> [Exercise details]: Scan the records below for the line with "have Hunit x" and the line with "- exact: dilation_unitary". Repeat those two lines and every line between them exactly, and nothing else.
(Data provided begins)
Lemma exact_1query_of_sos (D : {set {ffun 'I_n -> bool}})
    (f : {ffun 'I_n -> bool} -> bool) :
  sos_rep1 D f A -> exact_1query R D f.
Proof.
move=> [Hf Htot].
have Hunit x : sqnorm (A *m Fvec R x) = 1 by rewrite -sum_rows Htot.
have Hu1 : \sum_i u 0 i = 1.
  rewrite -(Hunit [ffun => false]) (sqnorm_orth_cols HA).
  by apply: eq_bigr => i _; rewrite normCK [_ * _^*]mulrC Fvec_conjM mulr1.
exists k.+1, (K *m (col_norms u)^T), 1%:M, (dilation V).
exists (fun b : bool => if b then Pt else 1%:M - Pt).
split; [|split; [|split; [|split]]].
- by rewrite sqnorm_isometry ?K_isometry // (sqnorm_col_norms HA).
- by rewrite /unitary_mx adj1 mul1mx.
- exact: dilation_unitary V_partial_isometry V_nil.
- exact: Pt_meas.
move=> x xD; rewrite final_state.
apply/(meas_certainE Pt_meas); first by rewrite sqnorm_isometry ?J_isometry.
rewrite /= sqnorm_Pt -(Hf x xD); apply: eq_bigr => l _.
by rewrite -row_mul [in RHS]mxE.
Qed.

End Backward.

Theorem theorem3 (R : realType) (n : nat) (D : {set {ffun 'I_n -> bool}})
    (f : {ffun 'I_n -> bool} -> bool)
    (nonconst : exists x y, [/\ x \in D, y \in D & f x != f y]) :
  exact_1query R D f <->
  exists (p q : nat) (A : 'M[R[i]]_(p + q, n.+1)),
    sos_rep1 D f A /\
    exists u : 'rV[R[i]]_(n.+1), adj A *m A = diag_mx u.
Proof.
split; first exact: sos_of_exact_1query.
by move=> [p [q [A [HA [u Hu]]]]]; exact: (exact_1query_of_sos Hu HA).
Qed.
(Data provided ends)
(Data provided begins)
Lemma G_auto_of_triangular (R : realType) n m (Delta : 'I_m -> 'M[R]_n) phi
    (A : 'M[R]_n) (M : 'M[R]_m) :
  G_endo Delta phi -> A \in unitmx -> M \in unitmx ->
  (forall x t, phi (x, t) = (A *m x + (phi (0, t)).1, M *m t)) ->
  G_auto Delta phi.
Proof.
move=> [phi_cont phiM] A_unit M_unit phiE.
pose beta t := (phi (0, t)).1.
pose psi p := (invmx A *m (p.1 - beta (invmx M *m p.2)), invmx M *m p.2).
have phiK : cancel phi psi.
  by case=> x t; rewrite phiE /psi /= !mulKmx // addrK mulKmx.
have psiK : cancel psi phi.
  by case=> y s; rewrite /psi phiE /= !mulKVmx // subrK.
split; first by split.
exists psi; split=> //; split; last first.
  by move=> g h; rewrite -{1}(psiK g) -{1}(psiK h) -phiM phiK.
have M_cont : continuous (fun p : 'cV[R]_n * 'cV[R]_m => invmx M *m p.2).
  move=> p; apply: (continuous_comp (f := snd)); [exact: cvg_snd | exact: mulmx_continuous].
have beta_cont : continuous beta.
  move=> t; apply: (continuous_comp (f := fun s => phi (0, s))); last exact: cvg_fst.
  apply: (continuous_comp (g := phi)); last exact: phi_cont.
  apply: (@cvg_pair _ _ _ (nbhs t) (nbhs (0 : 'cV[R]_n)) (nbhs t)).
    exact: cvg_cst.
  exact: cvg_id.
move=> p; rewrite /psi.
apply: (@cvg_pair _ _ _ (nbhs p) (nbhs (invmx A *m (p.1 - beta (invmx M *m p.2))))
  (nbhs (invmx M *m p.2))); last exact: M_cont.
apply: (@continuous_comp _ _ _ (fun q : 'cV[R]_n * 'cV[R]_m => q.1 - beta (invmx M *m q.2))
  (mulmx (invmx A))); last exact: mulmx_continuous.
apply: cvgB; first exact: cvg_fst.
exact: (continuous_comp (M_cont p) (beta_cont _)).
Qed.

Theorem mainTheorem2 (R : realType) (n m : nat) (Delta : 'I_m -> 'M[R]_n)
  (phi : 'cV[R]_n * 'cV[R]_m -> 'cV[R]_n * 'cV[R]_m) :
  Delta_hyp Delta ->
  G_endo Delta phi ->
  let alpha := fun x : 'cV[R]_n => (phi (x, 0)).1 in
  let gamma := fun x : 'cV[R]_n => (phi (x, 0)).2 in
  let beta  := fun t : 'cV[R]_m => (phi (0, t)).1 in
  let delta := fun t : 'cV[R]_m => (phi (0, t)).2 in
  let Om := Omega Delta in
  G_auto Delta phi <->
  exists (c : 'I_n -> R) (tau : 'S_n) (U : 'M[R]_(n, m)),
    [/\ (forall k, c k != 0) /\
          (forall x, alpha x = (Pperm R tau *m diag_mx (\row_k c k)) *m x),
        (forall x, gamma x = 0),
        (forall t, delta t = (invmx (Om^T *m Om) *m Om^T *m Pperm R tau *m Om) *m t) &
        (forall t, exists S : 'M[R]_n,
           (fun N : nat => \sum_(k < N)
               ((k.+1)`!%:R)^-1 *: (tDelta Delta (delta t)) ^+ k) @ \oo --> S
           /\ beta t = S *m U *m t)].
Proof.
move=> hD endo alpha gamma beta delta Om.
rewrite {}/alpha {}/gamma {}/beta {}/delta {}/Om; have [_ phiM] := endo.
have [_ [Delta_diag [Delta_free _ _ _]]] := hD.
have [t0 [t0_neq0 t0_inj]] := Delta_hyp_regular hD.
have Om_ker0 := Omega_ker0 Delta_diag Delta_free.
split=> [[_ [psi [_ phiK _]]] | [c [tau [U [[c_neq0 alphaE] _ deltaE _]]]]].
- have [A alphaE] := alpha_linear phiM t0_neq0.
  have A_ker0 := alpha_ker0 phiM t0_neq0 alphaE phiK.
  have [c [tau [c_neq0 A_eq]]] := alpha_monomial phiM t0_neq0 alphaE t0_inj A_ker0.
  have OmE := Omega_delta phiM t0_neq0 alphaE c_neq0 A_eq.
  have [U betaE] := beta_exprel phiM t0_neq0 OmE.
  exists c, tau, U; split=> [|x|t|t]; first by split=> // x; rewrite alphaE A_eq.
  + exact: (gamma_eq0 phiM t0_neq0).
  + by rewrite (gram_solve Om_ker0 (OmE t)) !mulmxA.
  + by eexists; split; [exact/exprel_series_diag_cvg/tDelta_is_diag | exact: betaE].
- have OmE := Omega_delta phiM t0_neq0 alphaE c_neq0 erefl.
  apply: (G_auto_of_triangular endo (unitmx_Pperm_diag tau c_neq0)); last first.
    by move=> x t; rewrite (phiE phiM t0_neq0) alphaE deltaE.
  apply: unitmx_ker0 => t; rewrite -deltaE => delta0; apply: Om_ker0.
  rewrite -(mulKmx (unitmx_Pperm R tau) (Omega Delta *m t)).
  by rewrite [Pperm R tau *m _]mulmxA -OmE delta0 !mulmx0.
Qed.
(Data provided ends)
> [Expected answer]:
have Hunit x : sqnorm (A *m Fvec R x) = 1 by rewrite -sum_rows Htot.
have Hu1 : \sum_i u 0 i = 1.
  rewrite -(Hunit [ffun => false]) (sqnorm_orth_cols HA).
  by apply: eq_bigr => i _; rewrite normCK [_ * _^*]mulrC Fvec_conjM mulr1.
exists k.+1, (K *m (col_norms u)^T), 1%:M, (dilation V).
exists (fun b : bool => if b then Pt else 1%:M - Pt).
split; [|split; [|split; [|split]]].
- by rewrite sqnorm_isometry ?K_isometry // (sqnorm_col_norms HA).
- by rewrite /unitary_mx adj1 mul1mx.
- exact: dilation_unitary V_partial_isometry V_nil.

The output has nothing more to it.